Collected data
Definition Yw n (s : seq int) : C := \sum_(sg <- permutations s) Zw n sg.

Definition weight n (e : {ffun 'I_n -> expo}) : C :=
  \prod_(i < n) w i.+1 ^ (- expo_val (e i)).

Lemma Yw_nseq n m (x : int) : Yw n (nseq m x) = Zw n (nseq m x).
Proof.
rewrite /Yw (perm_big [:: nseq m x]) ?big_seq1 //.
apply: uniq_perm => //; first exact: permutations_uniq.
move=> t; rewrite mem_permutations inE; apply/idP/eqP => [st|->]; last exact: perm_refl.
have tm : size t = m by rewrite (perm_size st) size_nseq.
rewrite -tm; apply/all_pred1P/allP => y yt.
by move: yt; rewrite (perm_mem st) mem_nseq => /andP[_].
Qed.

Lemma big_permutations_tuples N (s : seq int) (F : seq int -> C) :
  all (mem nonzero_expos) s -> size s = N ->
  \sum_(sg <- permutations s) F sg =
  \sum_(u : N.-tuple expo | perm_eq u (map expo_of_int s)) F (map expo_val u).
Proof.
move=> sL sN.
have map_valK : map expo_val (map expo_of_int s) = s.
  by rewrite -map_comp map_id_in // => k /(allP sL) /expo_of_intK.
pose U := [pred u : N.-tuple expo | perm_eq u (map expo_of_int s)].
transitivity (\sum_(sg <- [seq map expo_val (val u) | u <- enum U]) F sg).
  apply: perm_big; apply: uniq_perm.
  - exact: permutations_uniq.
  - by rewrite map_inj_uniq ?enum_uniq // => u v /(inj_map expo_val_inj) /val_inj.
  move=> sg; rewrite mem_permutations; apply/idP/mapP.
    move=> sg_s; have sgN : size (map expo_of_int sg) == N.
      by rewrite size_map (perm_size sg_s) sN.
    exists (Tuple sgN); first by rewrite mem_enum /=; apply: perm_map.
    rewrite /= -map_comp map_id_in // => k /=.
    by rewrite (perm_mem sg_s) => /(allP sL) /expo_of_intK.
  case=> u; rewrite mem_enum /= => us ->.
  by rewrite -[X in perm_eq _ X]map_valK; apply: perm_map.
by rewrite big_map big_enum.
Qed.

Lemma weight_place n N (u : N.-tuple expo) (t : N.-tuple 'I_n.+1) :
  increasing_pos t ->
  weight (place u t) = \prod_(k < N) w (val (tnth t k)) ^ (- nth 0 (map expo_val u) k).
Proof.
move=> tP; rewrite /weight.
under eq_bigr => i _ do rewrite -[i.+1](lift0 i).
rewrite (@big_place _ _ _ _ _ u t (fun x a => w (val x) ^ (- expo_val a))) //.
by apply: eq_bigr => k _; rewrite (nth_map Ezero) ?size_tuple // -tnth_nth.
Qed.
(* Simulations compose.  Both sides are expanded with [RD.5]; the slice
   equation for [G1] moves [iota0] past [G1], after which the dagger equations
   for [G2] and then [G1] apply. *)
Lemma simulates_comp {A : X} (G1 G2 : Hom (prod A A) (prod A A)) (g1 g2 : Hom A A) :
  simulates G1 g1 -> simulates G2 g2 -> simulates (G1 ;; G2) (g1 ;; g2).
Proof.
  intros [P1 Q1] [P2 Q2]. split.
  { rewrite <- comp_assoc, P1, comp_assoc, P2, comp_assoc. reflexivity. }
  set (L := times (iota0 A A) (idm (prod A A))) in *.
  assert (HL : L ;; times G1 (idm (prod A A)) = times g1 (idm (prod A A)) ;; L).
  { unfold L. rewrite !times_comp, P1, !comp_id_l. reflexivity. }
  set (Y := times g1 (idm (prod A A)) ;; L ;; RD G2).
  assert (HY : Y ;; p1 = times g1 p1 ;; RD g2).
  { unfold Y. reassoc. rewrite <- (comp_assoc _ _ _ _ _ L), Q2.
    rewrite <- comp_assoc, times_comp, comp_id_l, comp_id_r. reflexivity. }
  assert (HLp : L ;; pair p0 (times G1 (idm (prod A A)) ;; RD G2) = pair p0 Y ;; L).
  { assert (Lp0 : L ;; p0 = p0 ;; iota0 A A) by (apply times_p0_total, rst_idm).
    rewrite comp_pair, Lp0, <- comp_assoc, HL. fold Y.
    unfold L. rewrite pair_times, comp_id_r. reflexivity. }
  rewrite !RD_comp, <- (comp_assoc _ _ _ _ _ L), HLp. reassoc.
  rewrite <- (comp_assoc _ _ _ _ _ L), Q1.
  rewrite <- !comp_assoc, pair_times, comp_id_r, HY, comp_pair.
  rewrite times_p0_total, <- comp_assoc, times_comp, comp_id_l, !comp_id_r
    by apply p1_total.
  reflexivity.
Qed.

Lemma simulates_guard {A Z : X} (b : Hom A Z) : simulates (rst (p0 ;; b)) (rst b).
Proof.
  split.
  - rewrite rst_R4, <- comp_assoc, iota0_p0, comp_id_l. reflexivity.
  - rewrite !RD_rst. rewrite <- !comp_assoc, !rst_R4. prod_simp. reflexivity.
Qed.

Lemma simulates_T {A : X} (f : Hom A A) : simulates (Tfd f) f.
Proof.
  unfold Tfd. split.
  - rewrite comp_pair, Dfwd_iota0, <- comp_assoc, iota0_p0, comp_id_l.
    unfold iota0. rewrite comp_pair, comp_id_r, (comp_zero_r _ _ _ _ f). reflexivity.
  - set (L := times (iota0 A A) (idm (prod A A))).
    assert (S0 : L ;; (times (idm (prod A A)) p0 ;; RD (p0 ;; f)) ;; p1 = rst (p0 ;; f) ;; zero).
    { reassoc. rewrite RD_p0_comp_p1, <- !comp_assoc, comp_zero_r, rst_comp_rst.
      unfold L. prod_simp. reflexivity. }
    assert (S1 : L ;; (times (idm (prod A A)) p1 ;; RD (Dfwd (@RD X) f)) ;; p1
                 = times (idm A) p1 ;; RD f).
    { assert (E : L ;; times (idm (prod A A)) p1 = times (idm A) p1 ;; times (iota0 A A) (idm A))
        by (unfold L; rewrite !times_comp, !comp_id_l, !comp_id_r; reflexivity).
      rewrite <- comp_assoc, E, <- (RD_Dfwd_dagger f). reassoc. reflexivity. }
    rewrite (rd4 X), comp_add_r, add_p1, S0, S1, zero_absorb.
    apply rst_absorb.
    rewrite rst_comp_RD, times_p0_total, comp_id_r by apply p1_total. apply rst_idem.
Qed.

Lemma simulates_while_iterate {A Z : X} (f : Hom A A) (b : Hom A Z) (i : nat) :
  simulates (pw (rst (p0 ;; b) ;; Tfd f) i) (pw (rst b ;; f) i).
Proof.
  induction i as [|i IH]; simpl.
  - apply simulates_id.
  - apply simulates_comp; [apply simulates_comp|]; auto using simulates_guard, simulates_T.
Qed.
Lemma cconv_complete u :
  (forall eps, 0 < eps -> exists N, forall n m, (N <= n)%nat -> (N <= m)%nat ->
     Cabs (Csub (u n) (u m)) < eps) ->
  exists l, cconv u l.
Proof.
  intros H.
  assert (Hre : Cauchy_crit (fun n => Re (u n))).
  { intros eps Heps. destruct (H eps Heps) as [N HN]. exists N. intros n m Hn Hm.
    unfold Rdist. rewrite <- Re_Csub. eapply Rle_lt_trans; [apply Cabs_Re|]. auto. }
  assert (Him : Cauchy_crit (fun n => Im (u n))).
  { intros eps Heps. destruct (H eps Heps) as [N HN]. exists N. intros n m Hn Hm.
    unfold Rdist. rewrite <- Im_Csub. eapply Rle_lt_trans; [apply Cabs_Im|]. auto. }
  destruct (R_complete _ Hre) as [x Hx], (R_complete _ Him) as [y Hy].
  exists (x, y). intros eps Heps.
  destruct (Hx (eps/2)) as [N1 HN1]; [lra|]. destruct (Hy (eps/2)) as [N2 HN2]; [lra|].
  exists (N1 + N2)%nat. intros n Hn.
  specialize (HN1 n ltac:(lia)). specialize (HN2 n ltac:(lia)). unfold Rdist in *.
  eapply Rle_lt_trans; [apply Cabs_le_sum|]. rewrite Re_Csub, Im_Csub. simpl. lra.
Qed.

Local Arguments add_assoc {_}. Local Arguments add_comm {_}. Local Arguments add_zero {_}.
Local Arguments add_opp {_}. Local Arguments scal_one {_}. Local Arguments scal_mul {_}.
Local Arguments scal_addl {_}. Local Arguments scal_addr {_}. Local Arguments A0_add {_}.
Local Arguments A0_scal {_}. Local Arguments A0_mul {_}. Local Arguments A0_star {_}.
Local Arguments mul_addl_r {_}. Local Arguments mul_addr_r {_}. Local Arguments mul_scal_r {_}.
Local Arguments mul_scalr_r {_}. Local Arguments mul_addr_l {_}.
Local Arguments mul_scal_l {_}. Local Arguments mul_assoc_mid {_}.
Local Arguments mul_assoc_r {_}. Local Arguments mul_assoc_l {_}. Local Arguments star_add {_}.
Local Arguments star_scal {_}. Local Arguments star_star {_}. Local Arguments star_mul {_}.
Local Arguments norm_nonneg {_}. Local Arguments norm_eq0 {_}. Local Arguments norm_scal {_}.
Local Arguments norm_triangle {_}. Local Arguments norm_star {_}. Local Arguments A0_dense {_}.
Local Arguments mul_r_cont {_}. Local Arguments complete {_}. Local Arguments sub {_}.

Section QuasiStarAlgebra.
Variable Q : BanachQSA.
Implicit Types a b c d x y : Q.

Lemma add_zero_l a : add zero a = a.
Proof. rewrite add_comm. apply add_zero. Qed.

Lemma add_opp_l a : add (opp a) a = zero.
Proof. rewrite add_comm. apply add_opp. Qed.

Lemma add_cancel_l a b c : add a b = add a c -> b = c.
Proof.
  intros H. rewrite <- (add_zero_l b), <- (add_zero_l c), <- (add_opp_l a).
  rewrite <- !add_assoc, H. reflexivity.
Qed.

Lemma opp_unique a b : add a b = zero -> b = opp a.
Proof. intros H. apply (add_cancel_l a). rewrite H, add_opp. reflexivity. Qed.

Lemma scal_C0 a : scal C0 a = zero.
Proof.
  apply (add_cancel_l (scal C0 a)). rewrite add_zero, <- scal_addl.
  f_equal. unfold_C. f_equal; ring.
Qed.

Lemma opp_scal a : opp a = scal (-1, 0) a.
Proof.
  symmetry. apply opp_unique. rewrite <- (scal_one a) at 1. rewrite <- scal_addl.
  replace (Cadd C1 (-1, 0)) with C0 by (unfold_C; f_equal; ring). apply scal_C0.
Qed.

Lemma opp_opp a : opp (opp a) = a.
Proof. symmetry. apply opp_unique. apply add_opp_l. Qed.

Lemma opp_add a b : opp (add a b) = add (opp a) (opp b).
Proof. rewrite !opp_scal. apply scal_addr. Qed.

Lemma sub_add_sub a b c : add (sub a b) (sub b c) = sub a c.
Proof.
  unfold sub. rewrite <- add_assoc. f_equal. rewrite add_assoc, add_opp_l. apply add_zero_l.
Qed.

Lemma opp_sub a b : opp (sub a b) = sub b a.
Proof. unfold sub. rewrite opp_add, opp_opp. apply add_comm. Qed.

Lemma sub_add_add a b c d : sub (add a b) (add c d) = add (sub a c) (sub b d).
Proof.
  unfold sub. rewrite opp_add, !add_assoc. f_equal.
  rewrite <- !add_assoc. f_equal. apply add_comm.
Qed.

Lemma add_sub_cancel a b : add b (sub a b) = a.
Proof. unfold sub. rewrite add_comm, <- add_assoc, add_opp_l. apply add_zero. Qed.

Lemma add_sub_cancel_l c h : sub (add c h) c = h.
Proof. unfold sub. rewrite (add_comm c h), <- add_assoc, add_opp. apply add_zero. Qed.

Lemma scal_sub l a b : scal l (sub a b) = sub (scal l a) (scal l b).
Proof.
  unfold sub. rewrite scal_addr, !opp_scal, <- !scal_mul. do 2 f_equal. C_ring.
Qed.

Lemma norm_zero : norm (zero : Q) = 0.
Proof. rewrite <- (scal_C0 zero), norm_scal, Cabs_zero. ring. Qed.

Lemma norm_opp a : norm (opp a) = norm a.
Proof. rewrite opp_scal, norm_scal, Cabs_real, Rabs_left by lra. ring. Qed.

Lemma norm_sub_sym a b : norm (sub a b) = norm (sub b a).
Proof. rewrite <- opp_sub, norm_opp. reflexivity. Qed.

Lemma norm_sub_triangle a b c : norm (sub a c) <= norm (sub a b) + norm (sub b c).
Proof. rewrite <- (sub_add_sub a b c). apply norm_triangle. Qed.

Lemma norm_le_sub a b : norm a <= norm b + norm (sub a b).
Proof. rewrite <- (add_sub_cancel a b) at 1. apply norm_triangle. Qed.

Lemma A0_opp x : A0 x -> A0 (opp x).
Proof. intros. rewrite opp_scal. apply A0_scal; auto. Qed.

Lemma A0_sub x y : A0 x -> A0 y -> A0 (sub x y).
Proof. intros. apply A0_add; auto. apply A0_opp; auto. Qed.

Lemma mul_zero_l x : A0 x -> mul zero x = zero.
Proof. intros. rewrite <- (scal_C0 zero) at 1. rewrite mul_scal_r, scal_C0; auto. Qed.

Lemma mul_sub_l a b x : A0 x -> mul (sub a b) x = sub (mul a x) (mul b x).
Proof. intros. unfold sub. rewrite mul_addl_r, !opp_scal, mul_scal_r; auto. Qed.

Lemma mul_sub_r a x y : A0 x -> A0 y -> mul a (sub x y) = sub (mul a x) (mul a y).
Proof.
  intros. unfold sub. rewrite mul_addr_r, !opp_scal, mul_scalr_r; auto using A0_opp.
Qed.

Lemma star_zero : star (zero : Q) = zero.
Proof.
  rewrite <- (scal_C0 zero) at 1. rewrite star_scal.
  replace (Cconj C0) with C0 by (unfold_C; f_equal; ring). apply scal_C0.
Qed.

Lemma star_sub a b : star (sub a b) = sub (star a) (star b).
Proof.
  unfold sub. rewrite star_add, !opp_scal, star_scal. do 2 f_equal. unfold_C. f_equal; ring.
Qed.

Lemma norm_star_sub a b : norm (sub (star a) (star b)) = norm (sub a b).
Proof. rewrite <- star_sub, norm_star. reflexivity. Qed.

Work item
Only the lines above from the line containing "eapply Rle_lt_trans; [apply Cabs_le_sum|]." through the line containing "Local Arguments add_assoc" should be retyped, exactly and with both ends included.

Solved problem
  eapply Rle_lt_trans; [apply Cabs_le_sum|]. rewrite Re_Csub, Im_Csub. simpl. lra.
Qed.

Local Arguments add_assoc {_}. Local Arguments add_comm {_}. Local Arguments add_zero {_}.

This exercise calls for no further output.